Surprise! Labour government fighting for its life on every front says it will not - repeat not - cut jobs in the NHS. The only real mystery here is why heaven only knows how much taxpayers’ money was spent on a management consultant study (McKinsey doesn’t come cheap) to say what management consultants always say: that the outift in question needs to cut jobs.

Did whoever it was in Whitehall who commissioned this report expect that it would offer any other solution to the problem of NHS expenditure, given that the brief was presumably limited by the existing parameters of healthcare funding arrangements? What the McKinsey team is saying presumably is that given the way the NHS is now paid for - out of taxation - it is simply not possible to sustain the present workforce numbers, let alone the expanding ones which are planned. For Government ministers (and, I’m sorry to say, opposition spokesmen) being handed this common sense message is like having a hand grenade with the pin pulled out lobbed into their laps. So eager are they to hurl it out the window that they are unable even to consider the possibility that there are indeed considerable numbers of management and administration jobs which could be cut in the NHS without damaging its front line services, as most doctors and nurses would tell you.

The McKinsey report actually suggested cutting back on doctors and nurses, too but there is no law that says you have to obey every word of the management consultants’ advice. What is shocking is the absolute refusal to contemplate any cuts at all, as if every pen-pusher and box-ticker in the hospital service (even those whose jobs did not exist ten years ago but were created by the target culture) was absolutely essential. But even more important is the whole possible dimension of future healthcare funding which McKinsey was clearly advised to disregard: the possibility of an additional stream of revenue which could be provided by a new kind of insurance system.

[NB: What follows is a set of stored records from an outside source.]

Lemma sqnormZ a u : sqnorm (a *: u) = a ^+ 2 * sqnorm u.
Proof. by rewrite /sqnorm dotvZl dotvZr mulrA -expr2. Qed.

End InnerProduct.

Lemma ler_of_forall_small_ler_addM (R : realFieldType) (a b c : R) : 0 <= c ->
  (forall s, 0 < s < 1 -> a <= b + s * c) -> a <= b.
Proof.
move=> c_ge0 hs; apply/ler_addgt0Pr => e e_gt0.
have d_gt0 : 0 < e + c + 1 by lra.
pose s := e / (e + c + 1).
have s_gt0 : 0 < s by rewrite divr_gt0.
have s_lt1 : s < 1 by rewrite ltr_pdivrMr // mul1r; lra.
apply: le_trans (hs s _) _; first by rewrite s_gt0 s_lt1.
by rewrite lerD2l /s mulrAC ler_pdivrMr //; nra.
Qed.

Lemma comb_segmentE (R : pzRingType) (V : lmodType R) (a b : V) (l : R) :
  (1 - l) *: a + l *: b = a + l *: (b - a).
Proof. by rewrite scalerBl scale1r scalerBr addrA addrAC. Qed.

Section Convexity.
Variables (R : realType) (n : nat).
Implicit Types (a b : 'rV[R]_n) (l : R).

Lemma convex_fun_segment (f : 'rV[R]_n -> R) a b l :
  convex_fun f -> 0 < l <= 1 -> f (a + l *: (b - a)) <= f a + l * (f b - f a).
Proof.
move=> f_cvx /andP[l_gt0]; rewrite le_eqVlt => /predU1P[->|l_lt1].
  by rewrite scale1r addrC subrK; lra.
by have := f_cvx a b l; rewrite l_gt0 l_lt1 comb_segmentE => /(_ isT); lra.
Qed.

Lemma convex_efun_segment (f : 'rV[R]_n -> \bar R) a b l :
  (forall z, f z != -oo%E) -> convex_efun f ->
  f a \is a fin_num -> f b \is a fin_num -> 0 < l <= 1 ->
  f (a + l *: (b - a)) \is a fin_num /\
  fine (f (a + l *: (b - a))) <= fine (f a) + l * (fine (f b) - fine (f a)).
Proof.
move=> f_proper f_cvx fa fb /andP[l_gt0]; rewrite le_eqVlt => /predU1P[->|l_lt1].
  by rewrite scale1r addrC subrK; split=> //; lra.
have := f_cvx a b l; rewrite l_gt0 l_lt1 comb_segmentE => /(_ isT) hle.
rewrite -(fineK fa) -(fineK fb) -!EFinM -EFinD in hle.
have fab : f (a + l *: (b - a)) \is a fin_num.
  by move: hle (f_proper (a + l *: (b - a))); case: (f _).
by rewrite -(fineK fab) lee_fin in hle; split=> //; lra.
Qed.
(* Let $X$ be a finite-dimensional real Banach space and let $A \subset X$ be a bounded set with $d(0, A) > 0$. Let $I$ be an index set with $m$ elements and $\{x_i : i \in I\} \subset S_X$, and assume $\overline{A} \cap \bigcup_{i \in I} x_i^{\perp} = \emptyset$. If $\{B(y_i, r_i)\}_{i \in I}$ covers $A$ for some $y_i \in \mathbb{R}^+ x_i$ and $r_i > 0$ with $\|y_i\| \ge r_i$ for all $i \in I$, then for every selection $\phi$ of the subdifferential mapping $\partial\|\cdot\|$, $\sup_{i \in I} \phi(x_i)(x) > 0$ for every $x \in \overline{A}$.
   Context: $d(0,A)=\inf\{\|a\|:a\in A\}$; $\overline{A}$ is the closure. $x_i^{\perp} = \{ y \in X : \|x_i + \mu y\| \ge \|x_i\| \text{ for all } \mu \in \mathbb{R}\}$ (Birkhoff–James orthogonality). $\mathbb{R}^+ x_i = \{ t x_i : t > 0\}$; $B(c,r) = \{ z : \|c - z\| < r\}$. $\partial\|x\| = \{ x^* \in S_{X^*} : x^*(x) = \|x\|\}$ for $x \neq 0$; a selection of $\partial\|\cdot\|$ is a map $\phi$ with $\phi(x) \in \partial\|x\|$ for each non-zero $x$. *)

From HB Require Import structures.
From mathcomp Require Import all_boot all_order all_algebra.
From mathcomp Require Import all_classical all_reals all_analysis.
Set Implicit Arguments. Unset Strict Implicit. Unset Printing Implicit Defensive.
Import Order.TTheory GRing.Theory Num.Theory.
Import numFieldNormedType.Exports.
Local Open Scope classical_set_scope.
Local Open Scope ring_scope.

Section Defs.
Context {R : realType} {X : normedModType R}.

Definition finite_dim : Prop :=
  exists (n : nat) (b : 'I_n -> X), forall x : X,
    exists c : 'I_n -> R, x = \sum_(i < n) c i *: b i.

Definition lin_functional (f : X -> R) : Prop :=
  forall (a : R) (u v : X), f (a *: u + v) = a * f u + f v.

Definition in_dual_sphere (f : X -> R) : Prop :=
  lin_functional f /\
  (forall y : X, `|y| <= 1 -> `|f y| <= 1) /\
  (forall e : R, 0 < e -> exists y : X, `|y| <= 1 /\ 1 - e < `|f y|).

Definition subdiff_norm (x : X) : set (X -> R) :=
  [set f | in_dual_sphere f /\ f x = `|x|].

Definition subdiff_selection (phi : X -> (X -> R)) : Prop :=
  forall x : X, x != 0 -> subdiff_norm x (phi x).

(* Birkhoff-James orthogonal complement x^perp *)
Definition bj_perp (x : X) : set X :=
  [set y | forall mu : R, `|x| <= `|x + mu *: y|].

Definition open_ball (c : X) (r : R) : set X := [set z | `|c - z| < r].

Definition dist0_pos (A : set X) : Prop :=
  exists d : R, 0 < d /\ forall a, A a -> d <= `|a|.

Definition norm_bounded (A : set X) : Prop :=
  exists M : R, forall a, A a -> `|a| <= M.

End Defs.

From HB Require Import structures.
From mathcomp Require Import all_boot all_order all_algebra.
From mathcomp Require Import all_classical all_reals all_analysis.
From mathcomp Require Import lra.
Import Order.TTheory GRing.Theory Num.Theory.
Import numFieldNormedType.Exports.
Local Open Scope classical_set_scope.
Local Open Scope ring_scope.

(* Suppose phi(x_i)(z) <= 0 for every i, and write f = phi(x_i). If f z = 0,
   then 1 = f (x_i + mu z) <= |x_i + mu z| puts z in the Birkhoff-James
   complement of x_i, which is excluded. So f z < 0, and for y_i = t x_i,
   |y_i - z| >= f (t x_i - z) = t - f z > t = |y_i| >= r_i: z lies outside
   the closed ball of radius r_i around y_i. Outside finitely many closed
   balls there is a whole neighbourhood of z, disjoint from A, contradicting
   z in closure A. *)

Section LinearFunctional.
Context {R : realType} {X : normedModType R} (f : X -> R).
Hypothesis f_lin : lin_functional f.

Lemma lin_functional0 : f 0 = 0.
Proof.
have := f_lin 1 0 0; rewrite scaler0 addr0 mul1r.
by move/(congr1 (fun t => t - f 0)); rewrite subrr addrK => <-.
Qed.

Lemma lin_functionalZ a u : f (a *: u) = a * f u.
Proof. by have := f_lin a u 0; rewrite addr0 lin_functional0 addr0. Qed.

Lemma lin_functionalD u v : f (u + v) = f u + f v.
Proof. by have := f_lin 1 u v; rewrite scale1r mul1r. Qed.

Lemma lin_functionalB u v : f (u - v) = f u - f v.
Proof. by rewrite lin_functionalD -scaleN1r lin_functionalZ mulN1r. Qed.

End LinearFunctional.

Section Subdifferential.
Context {R : realType} {X : normedModType R}.

Lemma dual_sphere_norm_le {f : X -> R} v : in_dual_sphere f -> `|f v| <= `|v|.
Proof.
move=> [f_lin [f_bounded _]].
have [->|v0] := eqVneq v 0; first by rewrite lin_functional0 // !normr0.
have v_gt0 : 0 < `|v| by rewrite normr_gt0.
have := f_bounded (`|v|^-1 *: v).
rewrite normrZ normfV normr_id mulVf ?gt_eqF // lexx => /(_ isT).
by rewrite lin_functionalZ // normrM normfV normr_id ler_pdivrMl // mulr1.
Qed.

Lemma subdiff_norm_ker_bj_perp {x z : X} {f : X -> R} :
  subdiff_norm x f -> f z = 0 -> bj_perp x z.
Proof.
move=> [f_dual fx] fz mu; have [f_lin _] := f_dual; rewrite -fx.
have := dual_sphere_norm_le (x + mu *: z) f_dual.
rewrite lin_functionalD // lin_functionalZ // fz mulr0 addr0.
exact: le_trans (ler_norm _).
Qed.

Lemma subdiff_norm_ray_lt {x z : X} {f : X -> R} (t : R) :
  subdiff_norm x f -> f z < 0 -> t * `|x| < `|t *: x - z|.
Proof.
move=> [f_dual fx] fz_lt0; have [f_lin _] := f_dual.
have := dual_sphere_norm_le (t *: x - z) f_dual.
rewrite lin_functionalB // lin_functionalZ // fx => le_norm.
apply: lt_le_trans (le_trans (ler_norm _) le_norm).
by rewrite ltrDl oppr_gt0.
Qed.

End Subdifferential.

Lemma closure_cover_balls_le {R : realType} {X : normedModType R}
    {I : finType} {A : set X} {c : I -> X} {r : I -> R} {z : X} :
  A `<=` \bigcup_(i in [set: I]) open_ball (c i) (r i) ->
  closure A z -> exists i, `|c i - z| <= r i.
Proof.
move=> A_cover zA; apply/not_existsP => far.
have far_near : \forall w \near z, forall i, r i < `|c i - w|.
  apply: filter_forall => i.
  have e_gt0 : 0 < `|c i - z| - r i by rewrite subr_gt0 ltNge; apply/negP/far.
  apply: filterS (nbhsx_ballx z _ e_gt0) => w; rewrite -ball_normE /= => zw.
  have := ler_distD w (c i) z; rewrite (distrC w z); lra.
have [a [Aa a_far]] := zA _ far_near.
have [i _] := A_cover a Aa; rewrite /open_ball /=.
by apply/negP; rewrite -leNgt ltW.
Qed.

Theorem mainTheorem9 (R : realType) (X : completeNormedModType R)
  (A : set X) (m : nat) (x : 'I_m -> X) (y : 'I_m -> X) (r : 'I_m -> R) :
  finite_dim (X := X) ->
  norm_bounded A ->
  dist0_pos A ->
  (forall i, `|x i| = 1) ->
  closure A `&` (\bigcup_(i in [set: 'I_m]) bj_perp (x i)) = set0 ->
  (forall i, exists t : R, 0 < t /\ y i = t *: x i) ->
  (forall i, 0 < r i) ->
  (forall i, r i <= `|y i|) ->
  A `<=` \bigcup_(i in [set: 'I_m]) open_ball (y i) (r i) ->
  forall phi : X -> (X -> R), subdiff_selection phi ->
  forall z : X, closure A z -> exists i : 'I_m, 0 < phi (x i) z.
Proof.
move=> _ _ _ x_unit no_perp y_ray _ r_le A_cover phi phi_sel z zA.
apply/not_existsP => phi_le0.
have [i z_near] := closure_cover_balls_le A_cover zA.
have x_neq0 : x i != 0 by rewrite -normr_eq0 x_unit oner_neq0.
have sub_x := phi_sel _ x_neq0.
have phi_neq0 : phi (x i) z != 0.
  apply/eqP => phi0; suff : (closure A `&` \bigcup_(j in [set: 'I_m]) bj_perp (x j)) z.
    by rewrite no_perp.
  split=> //; exists i; first by [].
  exact: subdiff_norm_ker_bj_perp sub_x phi0.
have phi_lt0 : phi (x i) z < 0 by rewrite lt_neqAle phi_neq0 leNgt; apply/negP/phi_le0.
move: (r_le i) z_near; have [t [t_gt0 ->]] := y_ray i.
rewrite normrZ x_unit mulr1 gtr0_norm // => r_le_t.
apply/negP; rewrite -ltNge (le_lt_trans r_le_t) //.
by have := subdiff_norm_ray_lt t sub_x phi_lt0; rewrite x_unit mulr1.
Qed.
(* (a) For an integer $k\ge2$, with $P_k$, $Z_k$, $\Lambda_k$, $p_j$ as below, every global trajectory $\gamma$ of $Z_k$ with $\gamma(0)\in\Lambda_k$ has the property that for every $t\in\mathbb{R}$ there exists a unique $t^*\in[t,t+1)$ with $\gamma(t^* )\in\{(p_j,0):j=1,\dots,k-1\}$. (b) Every global trajectory $\gamma$ of $Z_\infty$ with $\gamma(0)\in\Lambda_\infty$ has the property that for every $t\in\mathbb{R}$ there exists a unique $t^*\in[t,t+1)$ with $\gamma(t^* )\in\{(j,0):j\in\mathbb{Z}\}$.
   Context: $P_k(x)=-\left(x+\frac{k-1}{2}\right)\left(x-\frac{k-1}{2}\right)\prod_{i=1}^{k-1}\left(x-\left(i-\frac k2\right)\right)^2$, $r_0=\frac{1-k}{2}$, $r_1=\frac{k-1}{2}$, $p_j=j-\frac k2$; $Z_k=(X_k,Y_k)$ with $X_k(x,y)=(1,P_k'(x))$ on $y\ge0$, $Y_k(x,y)=(-1,P_k'(x))$ on $y\le0$; $\Lambda_k=\{(x,\pm P_k(x)):r_0\le x\le r_1\}$. $Z_\infty$: $X_\infty(x,y)=(1,2\sin(2\pi x))$ on $y\ge0$, $Y_\infty(x,y)=(-1,2\sin(2\pi x))$ on $y\le0$; $\Lambda_\infty=\{(x,\pm P_\infty(x)):x\in\mathbb{R}\}$ with $P_\infty(x)=\frac{1-\cos(2\pi x)}{\pi}$. PSVF conventions: switching manifold $\Sigma=\{y=0\}=f^{-1}(0)$, $f(x,y)=y$; $Wf=\langle\nabla f,W\rangle$, $W^2f=\langle\nabla(Wf),W\rangle$; crossing region $\Sigma^c=\{Xf\cdot Yf>0\}$ ($\Sigma^{c\pm}$ according to the common sign), sliding $\Sigma^s=\{Xf<0<Yf\}$, escaping $\Sigma^e=\{Yf<0<Xf\}$, sliding field $Z^T=(Yf\,X-Xf\,Y)/(Yf-Xf)$. Local trajectories (Filippov): off $\Sigma$ follow $X$ or $Y$; through $\Sigma^{c+}$ follow $Y$ for $t\le0$ and $X$ for $t\ge0$ (reversed on $\Sigma^{c-}$); on $\Sigma^e$ follow $Z^T$ for $t\le0$ and one of $X,Y,Z^T$ for $t\ge0$ (reversed on $\Sigma^s$); at a regular tangency (not invisible for both fields) follow one of $X,Y,Z^T$ for $t\le0$ and one for $t\ge0$; singular tangencies are stationary. A global trajectory $\gamma:\mathbb{R}\to\mathbb{R}^2$ is a concatenation of orientation-preserving local trajectories $\sigma_i$ on $[t_i,t_{i+1}]$, $i\in\mathbb{Z}$, with $\sigma_i(t_{i+1})=\sigma_{i+1}(t_{i+1})$, $t_i\to\pm\infty$. *)

From Stdlib Require Import Reals ZArith.
From Coquelicot Require Import Coquelicot.
Open Scope R_scope.

Definition pt := (R * R)%type.

(** W f = <grad f, W> = second component of W, since grad f = (0,1). *)
Definition Wf (W : pt -> pt) (p : pt) : R := snd (W p).

Definition W2f (W : pt -> pt) (p : pt) : R :=
  Derive (fun s => Wf W (s, snd p)) (fst p) * fst (W p)
  + Derive (fun s => Wf W (fst p, s)) (snd p) * snd (W p).

Definition onSigma (p : pt) : Prop := snd p = 0.

Section Regions.
Variables X Y : pt -> pt.

Definition crossing_plus (p : pt) : Prop := onSigma p /\ Wf X p > 0 /\ Wf Y p > 0.
Definition crossing_minus (p : pt) : Prop := onSigma p /\ Wf X p < 0 /\ Wf Y p < 0.
Definition sliding (p : pt) : Prop := onSigma p /\ Wf X p < 0 < Wf Y p.
Definition escaping (p : pt) : Prop := onSigma p /\ Wf Y p < 0 < Wf X p.
Definition tangency (p : pt) : Prop := onSigma p /\ Wf X p * Wf Y p = 0.

(** Invisible fold: X lives on y >= 0, Y on y <= 0. *)
Definition invisible_X (p : pt) : Prop := Wf X p = 0 /\ W2f X p < 0.
Definition invisible_Y (p : pt) : Prop := Wf Y p = 0 /\ W2f Y p > 0.

Definition regular_tangency (p : pt) : Prop :=
  tangency p /\ ~ (invisible_X p /\ invisible_Y p).
Definition singular_tangency (p : pt) : Prop :=
  tangency p /\ invisible_X p /\ invisible_Y p.

Definition ZT (p : pt) : pt :=
  ((Wf Y p * fst (X p) - Wf X p * fst (Y p)) / (Wf Y p - Wf X p),
   (Wf Y p * snd (X p) - Wf X p * snd (Y p)) / (Wf Y p - Wf X p)).

Definition solves (W : pt -> pt) (phi : R -> pt) (u v : R) : Prop :=
  (forall t, u <= t <= v -> forall eps, 0 < eps -> exists delta, 0 < delta /\
     forall s, u <= s <= v -> Rabs (s - t) < delta ->
       Rabs (fst (phi s) - fst (phi t)) < eps /\ Rabs (snd (phi s) - snd (phi t)) < eps) /\
  (forall t, u < t < v ->
     is_derive (fun s => fst (phi s)) t (fst (W (phi t))) /\
     is_derive (fun s => snd (phi s)) t (snd (W (phi t)))).

Definition follow_X (phi : R -> pt) (u v : R) : Prop :=
  solves X phi u v /\ (forall t, u < t < v -> snd (phi t) > 0).
Definition follow_Y (phi : R -> pt) (u v : R) : Prop :=
  solves Y phi u v /\ (forall t, u < t < v -> snd (phi t) < 0).
Definition follow_ZT (phi : R -> pt) (u v : R) : Prop :=
  solves ZT phi u v /\ (forall t, u <= t <= v -> onSigma (phi t)) /\
  (forall t, u < t < v -> sliding (phi t) \/ escaping (phi t)).
Definition follow_any (phi : R -> pt) (u v : R) : Prop :=
  follow_X phi u v \/ follow_Y phi u v \/ follow_ZT phi u v.

Definition local_traj (phi : R -> pt) (a b : R) : Prop :=
  a <= 0 <= b /\
  (snd (phi 0) > 0 -> follow_X phi a b) /\
  (snd (phi 0) < 0 -> follow_Y phi a b) /\
  (crossing_plus (phi 0) -> follow_Y phi a 0 /\ follow_X phi 0 b) /\
  (crossing_minus (phi 0) -> follow_X phi a 0 /\ follow_Y phi 0 b) /\
  (escaping (phi 0) -> follow_ZT phi a 0 /\ follow_any phi 0 b) /\
  (sliding (phi 0) -> follow_any phi a 0 /\ follow_ZT phi 0 b) /\
  (regular_tangency (phi 0) -> follow_any phi a 0 /\ follow_any phi 0 b) /\
  (singular_tangency (phi 0) -> forall t, a <= t <= b -> phi t = phi 0).

(** Global trajectory: concatenation of orientation-preserving (time-shifted) local
    trajectories on [tau i, tau (i+1)], i in Z, with tau i -> +-oo. *)
Definition global_traj (gamma : R -> pt) : Prop :=
  exists tau : Z -> R,
    (forall i, tau i < tau (i + 1)%Z) /\
    (forall M, exists i, M < tau i) /\
    (forall M, exists i, tau i < M) /\
    (forall i, exists c, tau i <= c <= tau (i + 1)%Z /\
        local_traj (fun s => gamma (s + c)) (tau i - c) (tau (i + 1)%Z - c)).

End Regions.

Fixpoint prodsq (k n : nat) (x : R) : R :=
  match n with
  | O => 1
  | S m => prodsq k m x * (x - (INR (S m) - INR k / 2)) ^ 2
  end.

Definition r0 (k : nat) : R := (1 - INR k) / 2.
Definition r1 (k : nat) : R := (INR k - 1) / 2.
Definition pj (k j : nat) : R := INR j - INR k / 2.

Definition Pk (k : nat) (x : R) : R :=
  - ((x + (INR k - 1) / 2) * (x - (INR k - 1) / 2)) * prodsq k (k - 1) x.

Definition Xk (k : nat) (p : pt) : pt := (1, Derive (Pk k) (fst p)).
Definition Yk (k : nat) (p : pt) : pt := (-1, Derive (Pk k) (fst p)).

Definition Lambdak (k : nat) (p : pt) : Prop :=
  exists x, r0 k <= x <= r1 k /\ (p = (x, Pk k x) \/ p = (x, - Pk k x)).

Definition Xinf (p : pt) : pt := (1, 2 * sin (2 * PI * fst p)).
Definition Yinf (p : pt) : pt := (-1, 2 * sin (2 * PI * fst p)).
Definition Pinf (x : R) : R := (1 - cos (2 * PI * x)) / PI.
Definition Lambdainf (p : pt) : Prop :=
  exists x, p = (x, Pinf x) \/ p = (x, - Pinf x).

From Stdlib Require Import Reals ZArith Lra Lia Classical.
From Coquelicot Require Import Coquelicot.
Open Scope R_scope.

(* Both fields are (+-1, P'(x)), with P = P_k, s0 = k/2 or P = P_inf, s0 = 0.
   As Xf = Yf on the switching line there is no sliding, and every arc off
   that line is a translate of the graph of e P (e = +-1) run with dx/dt = e.
   A trajectory starting on the graph of +-P therefore stays on it: along the
   branch y = e P(x) the phase e (x + s0) - t is constant, and at a zero of P,
   where the trajectory may switch branch, 2 (x + s0) is an integer, so the
   phase is still constant modulo 1.  Since P >= 0 on one side of each of its
   zeros, P'' >= 0 there and no singular tangency is met.  The grid points
   (x, 0) with x + s0 in Z are then hit exactly at the times of one residue
   class modulo 1. *)

Definition is_int (z : R) : Prop := exists n : Z, z = IZR n.

Lemma is_int_add a b : is_int a -> is_int b -> is_int (a + b).
Proof. intros [n ->] [m ->]. exists (n + m)%Z. now rewrite plus_IZR. Qed.

Lemma is_int_opp a : is_int a -> is_int (- a).
Proof. intros [n ->]. exists (- n)%Z. now rewrite opp_IZR. Qed.

Lemma is_int_sub a b : is_int a -> is_int b -> is_int (a - b).
Proof. intros Ha Hb. apply is_int_add; auto using is_int_opp. Qed.

Lemma is_int_sign_mul e a : e = 1 \/ e = -1 -> is_int a -> is_int (e * a).
Proof.
  intros [-> | ->] Ha.
  - now rewrite Rmult_1_l.
  - replace (-1 * a) with (- a) by ring. now apply is_int_opp.
Qed.

Lemma is_int_INR n : is_int (INR n).
Proof. exists (Z.of_nat n). apply INR_IZR_INZ. Qed.

Lemma unique_shifted_int t a : exists! ts, t <= ts < t + 1 /\ is_int (ts + a).
Proof.
  destruct (archimed (- (t + a))) as [Hup1 Hup2].
  exists (IZR (1 - up (- (t + a))) - a). rewrite minus_IZR in *. split.
  - split; [lra|]. exists (1 - up (- (t + a)))%Z. rewrite minus_IZR. ring.
  - intros ts [Hts [n Hn]].
    assert (Hnm : (n - (1 - up (- (t + a))))%Z = 0%Z).
    { apply one_IZR_lt1. rewrite !minus_IZR. lra. }
    assert (n = (1 - up (- (t + a)))%Z) as -> by lia.
    rewrite minus_IZR in Hn. lra.
Qed.

Definition cont_within (f : R -> R) (u v t : R) : Prop :=
  forall eps, 0 < eps -> exists delta, 0 < delta /\
    forall s, u <= s <= v -> Rabs (s - t) < delta -> Rabs (f s - f t) < eps.

Lemma is_derive_continuity (f : R -> R) x l : is_derive f x l -> continuity_pt f x.
Proof. intros H. apply derivable_continuous_pt. exists l. now apply is_derive_Reals. Qed.

Lemma cont_within_continuity (f : R -> R) u v t : continuity_pt f t -> cont_within f u v t.
Proof.
  intros Hc eps Heps. destruct (Hc eps Heps) as [d [Hd Hf]].
  exists d. split; [exact Hd|]. intros s _ Hst.
  destruct (Req_dec s t) as [-> | Hne].
  - rewrite Rminus_diag, Rabs_R0. exact Heps.
  - apply (Hf s). repeat split; auto.
Qed.

Lemma cont_within_minus (f g : R -> R) u v t :
  cont_within f u v t -> cont_within g u v t -> cont_within (fun s => f s - g s) u v t.
Proof.
  intros Hf Hg eps Heps.
  destruct (Hf (eps / 2)) as [d1 [Hd1 H1]]; [lra|].
  destruct (Hg (eps / 2)) as [d2 [Hd2 H2]]; [lra|].
  exists (Rmin d1 d2). split; [now apply Rmin_glb_lt|]. intros s Hs Hst.
  specialize (H1 s Hs (Rlt_le_trans _ _ _ Hst (Rmin_l _ _))).
  specialize (H2 s Hs (Rlt_le_trans _ _ _ Hst (Rmin_r _ _))).
  replace (f s - g s - (f t - g t)) with ((f s - f t) + - (g s - g t)) by ring.
  eapply Rle_lt_trans; [apply Rabs_triang|]. rewrite Rabs_Ropp. lra.
Qed.

Lemma cont_within_scal k (f : R -> R) u v t :
  cont_within f u v t -> cont_within (fun s => k * f s) u v t.
Proof.
  intros Hf eps Heps.
  assert (Hk : 0 < Rabs k + 1) by (pose proof (Rabs_pos k); lra).
  destruct (Hf (eps / (Rabs k + 1))) as [d [Hd H]]; [now apply Rdiv_lt_0_compat|].
  exists d. split; [exact Hd|]. intros s Hs Hst.
  rewrite <- Rmult_minus_distr_l, Rabs_mult.
  apply Rle_lt_trans with ((Rabs k + 1) * Rabs (f s - f t)).
  - apply Rmult_le_compat_r; [apply Rabs_pos | lra].
  - replace eps with ((Rabs k + 1) * (eps / (Rabs k + 1))) by (field; lra).
    apply Rmult_lt_compat_l; auto.
Qed.

Lemma cont_within_approx (f : R -> R) u v t0 : u < v -> u <= t0 <= v -> cont_within f u v t0 ->
  forall eps, 0 < eps -> exists t, u < t < v /\ Rabs (f t - f t0) < eps.
Proof.
  intros Huv Ht0 Hf eps Heps. destruct (Hf eps Heps) as [d [Hd H]].
  destruct (Rlt_or_le t0 v) as [Hlt | Hle].
  - set (h := Rmin d (v - t0) / 2).
    assert (0 < Rmin d (v - t0)) by (apply Rmin_glb_lt; lra).
    pose proof (Rmin_l d (v - t0)). pose proof (Rmin_r d (v - t0)).
    exists (t0 + h). split; [unfold h; lra|]. apply H; [unfold h; lra|].
    rewrite Rabs_right; unfold h; lra.
  - set (h := Rmin d (v - u) / 2).
    assert (0 < Rmin d (v - u)) by (apply Rmin_glb_lt; lra).
    pose proof (Rmin_l d (v - u)). pose proof (Rmin_r d (v - u)).
    exists (t0 - h). split; [unfold h; lra|]. apply H; [unfold h; lra|].
    rewrite Rabs_left; unfold h; lra.
Qed.

Lemma cont_within_interior_eq (f : R -> R) c u v t0 :
  u < v -> u <= t0 <= v -> cont_within f u v t0 ->
  (forall t, u < t < v -> f t = c) -> f t0 = c.
Proof.
  intros Huv Ht0 Hf Hc. apply NNPP. intros Hne.
  assert (Hpos : 0 < Rabs (f t0 - c)) by (apply Rabs_pos_lt; lra).
  destruct (cont_within_approx f u v t0 Huv Ht0 Hf _ Hpos) as [t [Ht Happrox]].
  rewrite Hc, Rabs_minus_sym in Happrox by exact Ht. lra.
Qed.

Lemma cont_within_interior_pos (f : R -> R) u v t0 :
  u < v -> u <= t0 <= v -> cont_within f u v t0 ->
  (forall t, u < t < v -> 0 < f t) -> 0 <= f t0.
Proof.
  intros Huv Ht0 Hf Hpos. apply Rnot_lt_le. intros Hneg.
  destruct (cont_within_approx f u v t0 Huv Ht0 Hf (- f t0)) as [t [Ht Happrox]]; [lra|].
  apply Rabs_def2 in Happrox. specialize (Hpos t Ht). lra.
Qed.

Lemma derive0_const_interior (h : R -> R) u v : (forall t, u < t < v -> is_derive h t 0) ->
  forall t1 t2, u < t1 -> t1 <= t2 -> t2 < v -> h t1 = h t2.
Proof.
  intros Hd t1 t2 H1 H12 H2. destruct (Req_dec t1 t2) as [-> | Hne]; [reflexivity|].
  destruct (MVT_cor2 h (fun _ => 0) t1 t2) as [c [Heq _]]; [lra| |lra].
  intros c Hc. apply is_derive_Reals, Hd. lra.
Qed.

Lemma derive0_const (h : R -> R) u v : (forall t, u <= t <= v -> cont_within h u v t) ->
  (forall t, u < t < v -> is_derive h t 0) -> forall t, u <= t <= v -> h t = h u.
Proof.
  intros Hc Hd t Ht. destruct (Req_dec u v) as [<- | Hne]; [f_equal; lra|].
  set (m := (u + v) / 2).
  assert (Hint : forall s, u < s < v -> h s = h m).
  { intros s Hs. destruct (Rle_or_lt s m).
    - apply (derive0_const_interior h u v Hd); unfold m in *; lra.
    - symmetry. apply (derive0_const_interior h u v Hd); unfold m in *; lra. }
  assert (Huv : u < v) by lra.
  rewrite (cont_within_interior_eq h (h m) u v t), (cont_within_interior_eq h (h m) u v u);
    auto; try apply Hc; lra.
Qed.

Such a system would spring into existence almost immediately if this government or some future one were to declare that all patients would henceforth be free to top up their NHS care with private provision.

Insurance companies would then create inexpensive “top-up only” policies which would be accessible to millions of individuals and families - or could be offered on group terms to employers. The fees paid to the hospital trusts would supplement their tax funding and actually help to provide more resources for those whose care was entirely funded by the NHS. Why is there no front bench politician of any party who is prepared (at least publicly) to endorse such a solution? It would probably be less unpalatable to the vested interests of which they are so terrified (the health service unions and the Royal Colleges) than the prospect of job cuts.